Here's what's happened. As part of the ongoing deregulation of the telecommunication business, the government has been moving toward a free marketplace where everybody can compete with everybody else. First, competitors were allowed into the long distance business to go up against AT&T. In 1996, competitors were let into the local phone markets.
To make this happen quickly, local phone companies were required to share their facilities with new competitors. They had to lease both the local phone lines and the switching facilities in a package called UNE-P or Unbundled Network Elements - Platform. Competitors could then offer long distance service through their own networks, combined with local service obtained by leasing the UNE-P service from the local phone company, and bundle them together for one low price. This is what made the local and long distance package plans take off. What really made it work was that the ILECs had to sell their platforms at the wholesale rate and not gouge their competitors.
Perhaps that sounds a little unfair to the locals, but in return they got the opportunity to enter the long distance markets and offer their own bundles of local and long distance service. They also retained the advantage of owning the copper. In other words, the actual phone lines that run to your house or business were installed over the last century by the local phone companies. They own them. During all those years, nobody else was allowed to string phone wires. Now there's so much wire in the ground and overhead that it would be too costly to duplicate. If you want service from a competitive local phone company, you first have to get it installed by the ILEC and only then can you switch to your preferred provider.

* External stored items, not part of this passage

(* In the category $\mathsf{Top}$ of topological spaces and continuous maps, a space is (1) finitely generated with respect to embeddings if, and only if, it is finite; and (2) finitely generated with respect to open embeddings if, and only if, it is compact.
   Context: An embedding is an injective continuous map $m:X\to Y$ such that $X$ carries the initial topology (every open set of $X$ is $m^{-1}(U)$ for some open $U\subseteq Y$); an open embedding is an embedding with open image. For a class $\mathcal{M}$ of monomorphisms in a category $\mathcal{C}$, an object $X$ is finitely generated w.r.t. $\mathcal{M}$ if for every directed diagram $(Z_i)_{i\in I}$ (indexed by a directed poset $I$, i.e. every finite subset has an upper bound) whose connecting morphisms $z_{i,j}:Z_i\to Z_j$ lie in $\mathcal{M}$, with colimit cocone $c_i:Z_i\to Z$ in $\mathcal{C}$, every morphism $f:X\to Z$ factorizes essentially uniquely through some $c_i$: (i) there are $i\in I$ and $g:X\to Z_i$ with $f=c_i\cdot g$, and (ii) if also $g':X\to Z_i$ satisfies $f=c_i\cdot g'$, then some connecting morphism $z_{i,j}$ satisfies $z_{i,j}\cdot g=z_{i,j}\cdot g'$. *)

From HB Require Import structures.
From mathcomp Require Import all_boot all_order.
From mathcomp Require Import all_classical all_reals all_analysis.
Import Order.TTheory.
Set Implicit Arguments.
Unset Strict Implicit.
Local Open Scope classical_set_scope.
Local Open Scope order_scope.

Now here comes Christmas in March. As of March 11, the ILECs no longer have to sell their UNE-P facilities for wholesale rates. They can, and have, bumped up the prices. In a year, those CLECs will have to get their own equipment or get out of the business. The only contested item will be the copper phone lines. You can still lease them from the local phone company in a new package called UNE-L or Unbundled Network Elements - Line.
Let's see. The local phone companies have taken back sole use of most of their facilities plus added long distance service to their offerings. Is Ma Bell being reincarnated? The local telcos must be jumping for joy. Or are they?

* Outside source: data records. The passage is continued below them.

(* Let $\gamma \in (0,1/6]$, let $n \geq 6$ be an integer, and let $\eta \geq \eta_1 := \max\{n, \frac{32}{\gamma^2}\log(3/\gamma)\}$. Then there exists a dataset $x_1,\dots,x_n$ (in $\mathbb{R}^d$ for some $d$) with $\|x_i\|\le 1$ for all $i$, linearly separable with maximum margin $\gamma$, such that for every integer $t$ with $1 \le t \leq n/(16\gamma)$ there exists $i \in [n]$ with $\langle w_t, x_i\rangle < 0$, where $(w_t)$ is gradient descent with step size $\eta$ on this dataset.
   Context: All labels are $+1$. Linear separability: some $w$ has $\langle w,x_i\rangle>0$ for all $i$. Maximum margin: $\max_{\|w\|=1}\min_i\langle w,x_i\rangle$. Loss $F(w) = \frac{1}{n}\sum_{i=1}^n \log(1+\exp(-\langle w, x_i\rangle))$. Gradient descent with constant step size $\eta$: $w_0 = 0$, $w_{t+1} = w_t - \eta\nabla F(w_t)$. *)

From Stdlib Require Import Reals List.
From Coquelicot Require Import Coquelicot.
Import ListNotations.
Open Scope R_scope.

(* Vectors in R^d are functions nat -> R; only coordinates 0..d-1 matter. *)
Definition dot (d : nat) (u v : nat -> R) : R :=
  fold_right Rplus 0 (map (fun k => u k * v k) (seq 0 d)).

Definition vnorm (d : nat) (u : nat -> R) : R := sqrt (dot d u u).

(* Dataset x_0, ..., x_{n-1}, all labels +1. Logistic empirical risk. *)
Definition loss (d n : nat) (x : nat -> nat -> R) (w : nat -> R) : R :=
  / INR n * fold_right Rplus 0
    (map (fun i => ln (1 + exp (- dot d w (x i)))) (seq 0 n)).

Definition grad (d n : nat) (x : nat -> nat -> R) (w : nat -> R) : nat -> R :=
  fun j => Derive (fun s => loss d n x (fun k => if Nat.eqb k j then w k + s else w k)) 0.

Fixpoint gd (d n : nat) (x : nat -> nat -> R) (eta : R) (t : nat) : nat -> R :=
  match t with
  | O => fun _ => 0
  | S t' => fun j => gd d n x eta t' j - eta * grad d n x (gd d n x eta t') j
  end.

Definition lin_separable (d n : nat) (x : nat -> nat -> R) : Prop :=
  exists w : nat -> R, forall i, (i < n)%nat -> dot d w (x i) > 0.

Definition max_margin (d n : nat) (x : nat -> nat -> R) (gamma : R) : Prop :=
  (exists w : nat -> R, vnorm d w = 1 /\
      forall i, (i < n)%nat -> gamma <= dot d w (x i)) /\
  (forall w : nat -> R, vnorm d w = 1 ->
      exists i, (i < n)%nat /\ dot d w (x i) <= gamma).

(* Take x_0 = (γ, -γ) and x_i = (γ, 1/2) for i >= 1.  The direction (1, 0) has
   margin γ on every point, and no unit vector does better on both x_0 and x_1.
   One gradient step adds (η/n) Σ_i σ_i <x_i, x_0> to the margin <w, x_0>,
   where σ_i ∈ [0, 1] is the logistic weight of x_i.  Since <x_i, x_0> < 0 for
   i >= 1, every step adds at most 2γ²η/n, whereas the first step, taken at
   w_0 = 0 where all weights are 1/2, adds about -γη/4.  Hence <w_t, x_0> < 0
   as long as 16γt <= n.  The lower bound on η is only used through η > 0. *)
From Stdlib Require Import Reals List Lra Lia Psatz.
From Coquelicot Require Import Coquelicot.
Open Scope R_scope.

Definition rsum (l : list nat) (f : nat -> R) : R := fold_right Rplus 0 (map f l).

Lemma rsum_cons (a : nat) (l : list nat) (f : nat -> R) :
  rsum (a :: l) f = f a + rsum l f.
Proof. reflexivity. Qed.

Lemma rsum_ext_in (l : list nat) (f g : nat -> R) :
  (forall i, In i l -> f i = g i) -> rsum l f = rsum l g.
Proof. intros Hfg; unfold rsum; f_equal; now apply map_ext_in. Qed.

Lemma rsum_ext (l : list nat) (f g : nat -> R) :
  (forall i, f i = g i) -> rsum l f = rsum l g.
Proof. intros Hfg; apply rsum_ext_in; auto. Qed.

Lemma rsum_plus (l : list nat) (f g : nat -> R) :
  rsum l (fun i => f i + g i) = rsum l f + rsum l g.
Proof. unfold rsum; induction l as [|a l IH]; cbn; [ring | rewrite IH; ring]. Qed.

Lemma rsum_scal (l : list nat) (c : R) (f : nat -> R) :
  rsum l (fun i => c * f i) = c * rsum l f.
Proof. unfold rsum; induction l as [|a l IH]; cbn; [ring | rewrite IH; ring]. Qed.

Lemma rsum_const (l : list nat) (c : R) :
  rsum l (fun _ => c) = INR (length l) * c.
Proof.
  unfold rsum; induction l as [|a l IH]; [cbn; ring|].
  cbn [map fold_right length]; rewrite IH, S_INR; ring.
Qed.

Lemma rsum_le (l : list nat) (f g : nat -> R) :
  (forall i, In i l -> f i <= g i) -> rsum l f <= rsum l g.
Proof.
  induction l as [|a l IH]; intros Hfg; cbn; [lra|].
  apply Rplus_le_compat; [apply Hfg; left; reflexivity|].
  apply IH; intros i Hi; apply Hfg; right; exact Hi.
Qed.

Lemma rsum_swap (l1 l2 : list nat) (F : nat -> nat -> R) :
  rsum l1 (fun a => rsum l2 (F a)) = rsum l2 (fun b => rsum l1 (fun a => F a b)).
Proof.
  induction l1 as [|a l1 IH].
  - change (0 = rsum l2 (fun _ => 0)); rewrite rsum_const; ring.
  - change (rsum l2 (F a) + rsum l1 (fun a => rsum l2 (F a)) =
            rsum l2 (fun b => F a b + rsum l1 (fun a => F a b))).
    now rewrite IH, rsum_plus.
Qed.

Lemma rsum_indicator (l : list nat) (j : nat) (f : nat -> R) :
  NoDup l -> In j l -> rsum l (fun k => if Nat.eqb k j then f k else 0) = f j.
Proof.
  induction l as [|a l IH]; intros Hnd Hj; [destruct Hj|].
  inversion Hnd as [|? ? Ha Hl]; subst.
  change ((if Nat.eqb a j then f a else 0) +
          rsum l (fun k => if Nat.eqb k j then f k else 0) = f j).
  destruct (Nat.eqb_spec a j) as [->|Haj].
  - rewrite (rsum_ext_in l _ (fun _ => 0)), rsum_const; [ring|].
    intros k Hk; destruct (Nat.eqb_spec k j); [subst; contradiction|reflexivity].
  - destruct Hj as [|Hj]; [contradiction|].
    rewrite IH by assumption; ring.
Qed.

Lemma dot_0_l (d : nat) (v : nat -> R) : dot d (fun _ => 0) v = 0.
Proof.
  change (rsum (seq 0 d) (fun k => 0 * v k) = 0).
  rewrite (rsum_ext _ _ (fun _ => 0)), rsum_const; [ring | intros; ring].
Qed.

Lemma dot_self_ge0 (d : nat) (u : nat -> R) : 0 <= dot d u u.
Proof.
  apply Rle_trans with (rsum (seq 0 d) (fun _ => 0)).
  - rewrite rsum_const; lra.
  - apply (rsum_le (seq 0 d) (fun _ => 0) (fun k => u k * u k)); intros; nra.
Qed.

Lemma vnorm_eq1 (d : nat) (u : nat -> R) : vnorm d u = 1 -> dot d u u = 1.
Proof.
  unfold vnorm; intros Hu.
  rewrite <- (sqrt_sqrt (dot d u u)) by apply dot_self_ge0.
  rewrite Hu; ring.
Qed.

Lemma dot_update (d j : nat) (w v : nat -> R) (s : R) : (j < d)%nat ->
  dot d (fun k => if Nat.eqb k j then w k + s else w k) v = dot d w v + s * v j.
Proof.
  intros Hj.
  change (rsum (seq 0 d) (fun k => (if Nat.eqb k j then w k + s else w k) * v k)
          = rsum (seq 0 d) (fun k => w k * v k) + s * v j).
  rewrite (rsum_ext _ _ (fun k => w k * v k + s * (if Nat.eqb k j then v k else 0))).
  - rewrite rsum_plus, rsum_scal, rsum_indicator; [reflexivity|apply seq_NoDup|].
    apply in_seq; lia.
  - intros k; destruct (Nat.eqb k j); ring.
Qed.

Lemma max_margin_separable (d n : nat) (x : nat -> nat -> R) (gamma : R) :
  0 < gamma -> max_margin d n x gamma -> lin_separable d n x.
Proof.
  intros Hg [[w [_ Hw]] _]; exists w; intros i Hi.
  specialize (Hw i Hi); lra.
Qed.

(* [sigmoid_neg m] is [-l'(m)] for the logistic loss [l(m) = ln (1 + exp (-m))]. *)
Definition sigmoid_neg (m : R) : R := exp (- m) / (1 + exp (- m)).

Lemma sigmoid_neg_bounds (m : R) : 0 <= sigmoid_neg m <= 1.
Proof.
  unfold sigmoid_neg; pose proof (exp_pos (- m)) as He.
  split; [apply Rlt_le, Rdiv_lt_0_compat; lra|].
  apply Rmult_le_reg_r with (1 + exp (- m)); [lra|].
  unfold Rdiv; rewrite Rmult_assoc, Rinv_l by lra; lra.
Qed.

Lemma sigmoid_neg_0 : sigmoid_neg 0 = 1 / 2.
Proof. unfold sigmoid_neg; rewrite Ropp_0, exp_0; field. Qed.

Lemma is_derive_logistic_sum (l : list nat) (a b : nat -> R) (s : R) :
  is_derive (fun s => rsum l (fun i => ln (1 + exp (- (a i + s * b i))))) s
            (rsum l (fun i => - b i * sigmoid_neg (a i + s * b i))).
Proof.
  induction l as [|i l IH]; cbn [rsum map fold_right] in *.
  - auto_derive; reflexivity.
  - apply (is_derive_plus (fun s => ln (1 + exp (- (a i + s * b i))))); [|exact IH].
    pose proof (exp_pos (- (a i + s * b i))).
    auto_derive; [lra|].
    unfold sigmoid_neg; field; lra.
Qed.

Section GradientDescent.

Variables (d n : nat) (x : nat -> nat -> R) (eta : R).

Lemma grad_logistic (w : nat -> R) (j : nat) : (j < d)%nat ->
  grad d n x w j = - / INR n * rsum (seq 0 n) (fun i => sigmoid_neg (dot d w (x i)) * x i j).
Proof.
  intros Hj; unfold grad, loss.
  rewrite (Derive_ext _ (fun s => / INR n *
     rsum (seq 0 n) (fun i => ln (1 + exp (- (dot d w (x i) + s * x i j)))))).
  2:{ intros s; f_equal; apply rsum_ext; intros i; now rewrite dot_update. }
  erewrite is_derive_unique by (apply is_derive_scal, is_derive_logistic_sum).
  rewrite (rsum_ext _ _ (fun i => -1 * (sigmoid_neg (dot d w (x i)) * x i j))), rsum_scal.
  - ring.
  - intros i; rewrite Rmult_0_l, Rplus_0_r; ring.
Qed.

Lemma gd_succ (t j : nat) : (j < d)%nat -> (0 < n)%nat ->
  gd d n x eta (S t) j = gd d n x eta t j + eta / INR n *
    rsum (seq 0 n) (fun i => sigmoid_neg (dot d (gd d n x eta t) (x i)) * x i j).
Proof.
  intros Hj Hn; cbn [gd]; rewrite grad_logistic by exact Hj.
  assert (0 < INR n) by (apply lt_0_INR; exact Hn).
  field; lra.
Qed.

Lemma gd_succ_dot (t : nat) (v : nat -> R) : (0 < n)%nat ->
  dot d (gd d n x eta (S t)) v = dot d (gd d n x eta t) v + eta / INR n *
    rsum (seq 0 n) (fun i => sigmoid_neg (dot d (gd d n x eta t) (x i)) * dot d (x i) v).
Proof.
  intros Hn; set (sg i := sigmoid_neg (dot d (gd d n x eta t) (x i))).
  change (rsum (seq 0 d) (fun k => gd d n x eta (S t) k * v k) =
    rsum (seq 0 d) (fun k => gd d n x eta t k * v k) + eta / INR n *
    rsum (seq 0 n) (fun i => sg i * rsum (seq 0 d) (fun k => x i k * v k))).
  rewrite (rsum_ext_in (seq 0 d) _ (fun k => gd d n x eta t k * v k +
     eta / INR n * rsum (seq 0 n) (fun i => v k * (sg i * x i k)))).
  - rewrite rsum_plus, rsum_scal, rsum_swap; do 2 f_equal.
    apply rsum_ext; intros i; rewrite <- rsum_scal.
    apply rsum_ext; intros k; ring.
  - intros k Hk; apply in_seq in Hk.
    rewrite gd_succ, rsum_scal by (lia || exact Hn); subst sg; cbv beta.
    ring.
Qed.

End GradientDescent.

Definition slow_data (gamma : R) (i k : nat) : R :=
  if Nat.eqb k 0 then gamma else if Nat.eqb i 0 then - gamma else 1 / 2.

Lemma dot2 (u v : nat -> R) : dot 2 u v = u 0%nat * v 0%nat + u 1%nat * v 1%nat.
Proof. unfold dot; cbn; ring. Qed.

Lemma slow_data_norm_le1 (gamma : R) (i : nat) :
  0 <= gamma <= 1 / 2 -> vnorm 2 (slow_data gamma i) <= 1.
Proof.
  intros Hg; unfold vnorm; rewrite <- sqrt_1; apply sqrt_le_1_alt.
  rewrite dot2; unfold slow_data; cbn; destruct (Nat.eqb i 0); nra.
Qed.

Lemma slow_data_max_margin (gamma : R) (n : nat) :
  0 < gamma -> (2 <= n)%nat -> max_margin 2 n (slow_data gamma) gamma.
Proof.
  intros Hg Hn.
  set (e0 := fun k : nat => if Nat.eqb k 0 then 1 else 0).
  split.
  - exists e0; split.
    + unfold vnorm; rewrite dot2; unfold e0; cbn.
      rewrite Rmult_1_l, Rmult_0_l, Rplus_0_r; apply sqrt_1.
    + intros i _; rewrite dot2; unfold slow_data; cbn; lra.
  - intros w Hw; apply vnorm_eq1 in Hw; rewrite dot2 in Hw.
    destruct (Rle_dec (dot 2 w (slow_data gamma 0)) gamma) as [H0|H0].
    { exists 0%nat; split; [lia|exact H0]. }
    exists 1%nat; split; [lia|]; apply Rnot_lt_le; intros H1.
    rewrite dot2 in H0, H1; unfold slow_data in H0, H1; cbn in H0, H1.
    (* both margins above gamma force w0 - 1 > w1 > 2 gamma (1 - w0), i.e. w0 > 1 *)
    assert (Hw01 : w 0%nat - w 1%nat > 1).
    { apply Rmult_lt_reg_l with gamma; [exact Hg|]; lra. }
    assert (w 0%nat > 1) by nra.
    nra.
Qed.

Lemma slow_data_gram (gamma : R) (i : nat) :
  dot 2 (slow_data gamma i) (slow_data gamma 0) =
  if Nat.eqb i 0 then 2 * gamma ^ 2 else gamma ^ 2 - gamma / 2.
Proof. rewrite dot2; unfold slow_data; cbn; destruct (Nat.eqb i 0); field. Qed.

Lemma slow_drift_le (gamma : R) (n : nat) (s : nat -> R) :
  0 <= gamma <= 1 / 2 -> (forall i, 0 <= s i <= 1) ->
  rsum (seq 0 n) (fun i => s i * dot 2 (slow_data gamma i) (slow_data gamma 0))
    <= 2 * gamma ^ 2.
Proof.
  intros Hg Hs; destruct n as [|n']; [cbn; nra|].
  rewrite <- cons_seq, rsum_cons, slow_data_gram; cbv [Nat.eqb].
  assert (rsum (seq 1 n')
            (fun i => s i * dot 2 (slow_data gamma i) (slow_data gamma 0)) <= 0).
  { rewrite <- (Rmult_0_r (INR (length (seq 1 n')))), <- rsum_const.
    apply rsum_le; intros i Hi; apply in_seq in Hi.
    rewrite slow_data_gram; destruct i as [|i]; [lia|].
    assert (gamma ^ 2 - gamma / 2 <= 0) by nra.
    specialize (Hs (S i)); cbv [Nat.eqb]; nra. }
  specialize (Hs 0%nat); nra.
Qed.

Lemma slow_drift_0 (gamma : R) (n' : nat) :
  rsum (seq 0 (S n')) (fun i => sigmoid_neg (dot 2 (fun _ => 0) (slow_data gamma i)) *
                              dot 2 (slow_data gamma i) (slow_data gamma 0))
  = gamma ^ 2 + INR n' * ((gamma ^ 2 - gamma / 2) / 2).
Proof.
  rewrite <- cons_seq, rsum_cons.
  rewrite (rsum_ext_in (seq 1 n') _ (fun _ => (gamma ^ 2 - gamma / 2) / 2)).
  - rewrite rsum_const, length_seq, dot_0_l, slow_data_gram, sigmoid_neg_0.
    cbv [Nat.eqb]; field.
  - intros i Hi; apply in_seq in Hi.
    rewrite dot_0_l, slow_data_gram, sigmoid_neg_0.
    destruct i as [|i]; [lia|]; cbv [Nat.eqb]; field.
Qed.

Lemma slow_margin_le (gamma eta : R) (n' k : nat) :
  0 <= gamma <= 1 / 2 -> 0 <= eta ->
  dot 2 (gd 2 (S n') (slow_data gamma) eta (S k)) (slow_data gamma 0) <=
  eta / INR (S n') *
    (gamma ^ 2 + INR n' * ((gamma ^ 2 - gamma / 2) / 2) + INR k * (2 * gamma ^ 2)).
Proof.
  intros Hg Heta.
  assert (Hc : 0 <= eta / INR (S n')).
  { apply Rmult_le_pos; [exact Heta|]; apply Rlt_le, Rinv_0_lt_compat, lt_0_INR; lia. }
  induction k as [|k IH]; rewrite gd_succ_dot by lia.
  - cbn [gd]; rewrite slow_drift_0, dot_0_l; cbn [INR]; lra.
  - pose proof (slow_drift_le gamma (S n')
      (fun i => sigmoid_neg (dot 2 (gd 2 (S n') (slow_data gamma) eta (S k)) (slow_data gamma i)))
      Hg (fun i => sigmoid_neg_bounds _)) as Hdrift; cbv beta in Hdrift.
    apply (Rmult_le_compat_l (eta / INR (S n'))) in Hdrift; [|exact Hc].
    rewrite (S_INR k); lra.
Qed.

Lemma slow_margin_bound_neg (gamma : R) (n' k : nat) :
  0 < gamma <= 1 / 6 -> (5 <= n')%nat -> 16 * gamma * INR (S k) <= INR (S n') ->
  gamma ^ 2 + INR n' * ((gamma ^ 2 - gamma / 2) / 2) + INR k * (2 * gamma ^ 2) < 0.
Proof.
  intros Hg Hn Hk; rewrite !S_INR in Hk.
  assert (5 <= INR n') by (replace 5 with (INR 5) by (cbn; lra); apply le_INR; exact Hn).
  assert (Hkg : INR k * (2 * gamma ^ 2) <= gamma * (INR n' + 1) / 8 - 2 * gamma ^ 2) by nra.
  assert (Hng : gamma * (INR n' * (gamma / 2 - 1 / 8)) <= gamma * (- 5 / 24))
    by (apply Rmult_le_compat_l; nra).
  nra.
Qed.

Theorem lemma11 (gamma : R) (n : nat) (eta : R) :
  0 < gamma -> gamma <= 1 / 6 -> (6 <= n)%nat ->
  Rmax (INR n) (32 / gamma ^ 2 * ln (3 / gamma)) <= eta ->
  exists (d : nat) (x : nat -> nat -> R),
    (forall i, (i < n)%nat -> vnorm d (x i) <= 1) /\
    lin_separable d n x /\
    max_margin d n x gamma /\
    (forall t : nat, (1 <= t)%nat -> INR t <= INR n / (16 * gamma) ->
       exists i, (i < n)%nat /\ dot d (gd d n x eta t) (x i) < 0).
Proof.
  intros Hg0 Hg1 Hn Heta.
  assert (Hmargin : max_margin 2 n (slow_data gamma) gamma)
    by (apply slow_data_max_margin; [exact Hg0 | lia]).
  exists 2%nat, (slow_data gamma); repeat split.
  - intros i _; apply slow_data_norm_le1; lra.
  - exact (max_margin_separable _ _ _ _ Hg0 Hmargin).
  - exact (proj1 Hmargin).
  - exact (proj2 Hmargin).
  - intros t Ht1 Ht; destruct t as [|k]; [lia|]; destruct n as [|n']; [lia|].
    assert (Heta_pos : 0 < eta).
    { apply Rlt_le_trans with (INR (S n')); [apply lt_0_INR; lia|].
      exact (Rle_trans _ _ _ (Rmax_l _ _) Heta). }
    assert (Hk : 16 * gamma * INR (S k) <= INR (S n')).
    { apply Rle_div_r in Ht; lra. }
    pose proof (slow_margin_bound_neg gamma n' k (conj Hg0 Hg1) ltac:(lia) Hk).
    pose proof (slow_margin_le gamma eta n' k ltac:(lra) ltac:(lra)).
    assert (0 < eta / INR (S n'))
      by (apply Rdiv_lt_0_compat; [exact Heta_pos | apply lt_0_INR; lia]).
    exists 0%nat; split; [lia | nra].
Qed.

Ma or no Ma, those other kids aren't leaving the neighborhood. Some CLECs have already started co-locating their own switching equipment in the big local phone offices where there are thousands and thousands of lines to fight over. Others may merge, get out of the business, or compete in a different way.

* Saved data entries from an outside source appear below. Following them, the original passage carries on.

(* Let $\mathcal F$ be a finite family of nonempty subsets of $[r]$. Then $\Delta_{\mathcal F}$ equals the set of all $x\in\mathbb R^r$ with $x_i\ge0$ for all $i$, $x_1+\dots+x_r=|\mathcal F|$, and $$\sum_{i\in G}x_i\;\ge\;\bigl|\{F\in\mathcal F: F\subseteq G\}\bigr|\qquad\text{for all } G\subseteq[r].$$ Moreover, it suffices to impose these inequalities for the sets $G$ belonging to the building closure $\widehat{\mathcal F}$ of $\mathcal F$.
   Context: For $F\subseteq[r]$ nonempty, $\Delta_F=\{x\in\mathbb R^r_{\ge0}: \sum_i x_i=1,\ x_i=0 \text{ for } i\notin F\}=\operatorname{conv}\{e_i:i\in F\}$. For a family $\mathcal F$ of nonempty subsets of $[r]$, $\Delta_{\mathcal F}=\sum_{F\in\mathcal F}\Delta_F$ (Minkowski sum). The building closure $\widehat{\mathcal F}$ is the smallest family of subsets of $[r]$ containing $\mathcal F$ and all singletons such that $F\cup F'\in\widehat{\mathcal F}$ whenever $F,F'\in\widehat{\mathcal F}$ and $F\cap F'\ne\emptyset$. *)

From HB Require Import structures.
From mathcomp Require Import all_boot all_order all_algebra.
From mathcomp Require Import reals.
Set Implicit Arguments. Unset Strict Implicit. Unset Printing Implicit Defensive.
Import Order.TTheory GRing.Theory Num.Theory.
Local Open Scope ring_scope.

(* Points of R^r are functions 'I_r -> R; [r] = {1..r} is modelled by 'I_r. *)

(* The simplex Delta_F = conv{e_i : i in F}. *)
Definition simplex (R : realType) (r : nat) (F : {set 'I_r}) (x : 'I_r -> R) : Prop :=
  (forall i, 0 <= x i) /\ \sum_i x i = 1 /\ (forall i, i \notin F -> x i = 0).

Definition minkowski_simplex (R : realType) (r : nat) (Fam : {set {set 'I_r}})
  (x : 'I_r -> R) : Prop :=
  exists y : {set 'I_r} -> 'I_r -> R,
    (forall F, F \in Fam -> simplex F (y F)) /\
    (forall i, x i = \sum_(F in Fam) y F i).

Definition building_closed (r : nat) (B : {set {set 'I_r}}) : bool :=
  [forall F in B, forall G in B, (F :&: G != set0) ==> (F :|: G \in B)].

Definition building_closure (r : nat) (Fam : {set {set 'I_r}}) : {set {set 'I_r}} :=
  \bigcap_(B : {set {set 'I_r}} | [&& Fam \subset B, [forall i : 'I_r, [set i] \in B] & building_closed B]) B.

From mathcomp Require Import all_boot all_order all_algebra.
From mathcomp Require Import reals ring lra.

Something that's really spooking the ILECs is that there are other wires besides theirs coming into houses and businesses. Cable TV was never a threat to the telephone companies until Cable started offering broadband. Now you can get VoIP phone service with an analog telephone adaptor called an ATA plus your Cable Modem service or DSL. Even if the local phone company owns the phone wire that carries your DSL, you could be bypassing them for your pricey long distance calls using VoIP over DSL.
The other wire that comes into just about every building is the electrical power line. BPL or Broadband over Power Line service has been approved and is up and running in some areas. If it spreads to more communities, VoIP over BPL could take the place of using telephone wires from ILECs.
Wireless is even scarier. Many high school and college students got their first phone as a cell phone and see no reason not to use it exclusively. Wireless Internet service is available in many areas now and WiMAX will be here in a couple of years. Voice over WiFi is starting to be an option in WiFi hotspots. What's going to happen when WiMAX expands the hotspot to 31 miles of coverage in all directions?
Then there is glass. We were taught in science class that glass doesn't conduct electricity so nobody expected that you could connect phones with it. Yet, fiber optic carriers do just that. A pair of copper wires carries one phone call or perhaps 24 if you use it for digital T1 phone service. A fiber optic bundle the same size can carry thousands and thousands of phone calls or the equivalent bandwidth of computer data.
This is the problem for the legacy phone companies. The advance of technology has so changed the options for delivering voice and data services that there is no going back to monopolizing the phone business. Not even if you could hog all the old equipment. Newer players will simply go wireless, fiber, cable, power line or some other technology that isn't out of the lab yet.